Moeslinger Thomas, Friedl Roswitha, Spieckermann Paul Gerhard
Institute of Physiology, Center for Physiology and Pathophysiology, Medical University of Vienna, Schwarzspanierstrasse 17, 1090 Vienna, Austria.
Life Sci. 2006 Jun 20;79(4):374-81. doi: 10.1016/j.lfs.2006.01.015. Epub 2006 Feb 13.
Azathioprine is used as an anti-inflammatory agent. Although there are numerous data demonstrating cytotoxic and immunosuppressive properties of azathioprine and its metabolite 6-mercaptopurine, the mechanism of the anti-inflammatory action of azathioprine has not yet been fully clarified. During our study, we investigated the effects of azathioprine on the inducible nitric oxide synthase (iNOS) in lipopolysaccharide stimulated murine macrophages (RAW 264.7) by measurement of iNOS protein (immunoblotting), iNOS mRNA (semiquantitative competitive RT-PCR), and NO production (nitrite levels). Azathioprine (0-210 muM) induces a concentration dependent inhibition of inducible nitric oxide synthesis (IC50: 33.5 muM). iNOS protein expression showed a concentration dependent reduction as revealed by immunoblotting when cells were incubated with increasing amounts of azathioprine. Azathioprine decreases iNOS mRNA levels as shown by semiquantitative competitive RT-PCR. In contrast, 6-mercaptopurine showed no inhibition of inducible nitric oxide synthesis. Azathioprine did not reduce iNOS mRNA stability after the addition of actinomycin D. Enzymatic activity assays with increasing concentrations of azathioprine (0-210 muM) showed no statistically significant inhibition of iNOS enzyme activity compared to cell lysates without azathioprine. Nuclear translocation of NF-kappaB p65 subunit and binding of NF-kappaB p50 subunit from nuclear extracts to a biotinylated-consensus sequence was unaffected by azathioprine treatment. iNOS inhibition by azathioprine was associated with a decreased expression of IRF-1 (interferon regulatory factor 1) and IFN-beta (beta-interferon) mRNA. Azathioprine induced iNOS inhibition seems to be associated with an action of the methylnitroimidazolyl substituent. This suggests a route to the rational design of nontoxic anti-inflammatory agents by replacing the 6-mercaptopurine component of azathioprine with other substituents. The inhibition of inducible nitric oxide synthesis might contribute to the anti-inflammatory activities of azathioprine.

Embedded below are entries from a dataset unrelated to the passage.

Lemma feasible_code s t : feasible lam1 lam2 s t ->
  exists2 v, code_box v & code_source v = s /\ code_flow v = t.
Proof.
case=> bs bt anti; pose v := row_mx (\row_i s i) (mxvec (\matrix_(i, j) t i j)).
exists v; last split.
- move=> k /=; rewrite in_itv /= -ler_norml -(splitK k).
  case: (fintype.split k) => [i|ij]; rewrite /code_bound /=.
    by rewrite row_mxEl mxE ltn_ord; exact: bs.
  rewrite row_mxEr ltnNge leq_addr /=.
  by case/mxvec_indexP: ij => i j; rewrite mxvecE mxE; exact: bt.
- by apply/funext => i; rewrite /code_source row_mxEl mxE.
- apply/funext => i; apply/funext => j.
  by rewrite /code_flow !row_mxEr !mxvecE !mxE (anti j i); field.
Qed.

Lemma continuous_code_defect (f : 'I_m -> R) :
  continuous (fun v : code => defect f (code_source v) (code_flow v)).
Proof.
have coord k : continuous (fun v : code => v ord0 k) by exact: coord_continuous.
have sum_cont (F : 'I_m -> code -> R) : (forall j, continuous (F j)) ->
    continuous (fun v => \sum_j F j v).
  by move=> cF; apply: continuous_big => //; exact: add_continuous.
have res i v : {for v, continuous (fun v : code =>
    f i + v ord0 (lshift (m * m) i) + \sum_j code_flow v i j)}.
  apply: continuousD; first apply: continuousD.
  - exact: cst_continuous.
  - exact: coord.
  - apply: (sum_cont (fun j v => code_flow v i j)) => j w.
    apply: (@continuousM _ _ (fun v : code => v ord0 (rshift m (mxvec_index i j)) -
      v ord0 (rshift m (mxvec_index j i))) (fun=> 2^-1)); last exact: cst_continuous.
    by apply: continuousB; exact: coord.
by apply: sum_cont => i v; exact: continuousM (res i v) (res i v).
Qed.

硫唑嘌呤用作抗炎药。尽管有大量数据表明硫唑嘌呤及其代谢产物6-巯基嘌呤具有细胞毒性和免疫抑制特性,但硫唑嘌呤抗炎作用的机制尚未完全阐明。在我们的研究中,我们通过测量诱导型一氧化氮合酶(iNOS)蛋白(免疫印迹法)、iNOS mRNA(半定量竞争性逆转录聚合酶链反应)和一氧化氮生成(亚硝酸盐水平),研究了硫唑嘌呤对脂多糖刺激的小鼠巨噬细胞(RAW 264.7)中诱导型一氧化氮合酶的影响。硫唑嘌呤(0 - 210 μM)诱导诱导型一氧化氮合成的浓度依赖性抑制(半数抑制浓度:33.5 μM)。当细胞与越来越多的硫唑嘌呤孵育时,免疫印迹显示iNOS蛋白表达呈浓度依赖性降低。半定量竞争性逆转录聚合酶链反应显示硫唑嘌呤降低iNOS mRNA水平。相比之下,6-巯基嘌呤未显示对诱导型一氧化氮合成的抑制作用。加入放线菌素D后,硫唑嘌呤未降低iNOS mRNA稳定性。与不含硫唑嘌呤的细胞裂解物相比,用浓度递增的硫唑嘌呤(0 - 210 μM)进行的酶活性测定未显示对iNOS酶活性有统计学上显著的抑制作用。硫唑嘌呤处理未影响核因子κB p65亚基的核转位以及核提取物中核因子κB p50亚基与生物素化共有序列的结合。硫唑嘌呤对iNOS的抑制与干扰素调节因子1(IRF-1)和β-干扰素(IFN-β)mRNA表达降低有关。硫唑嘌呤诱导的iNOS抑制似乎与甲基硝基咪唑基取代基的作用有关。这提示了一条通过用其他取代基替代硫唑嘌呤的6-巯基嘌呤成分来合理设计无毒抗炎药的途径。诱导型一氧化氮合成的抑制可能有助于硫唑嘌呤的抗炎活性。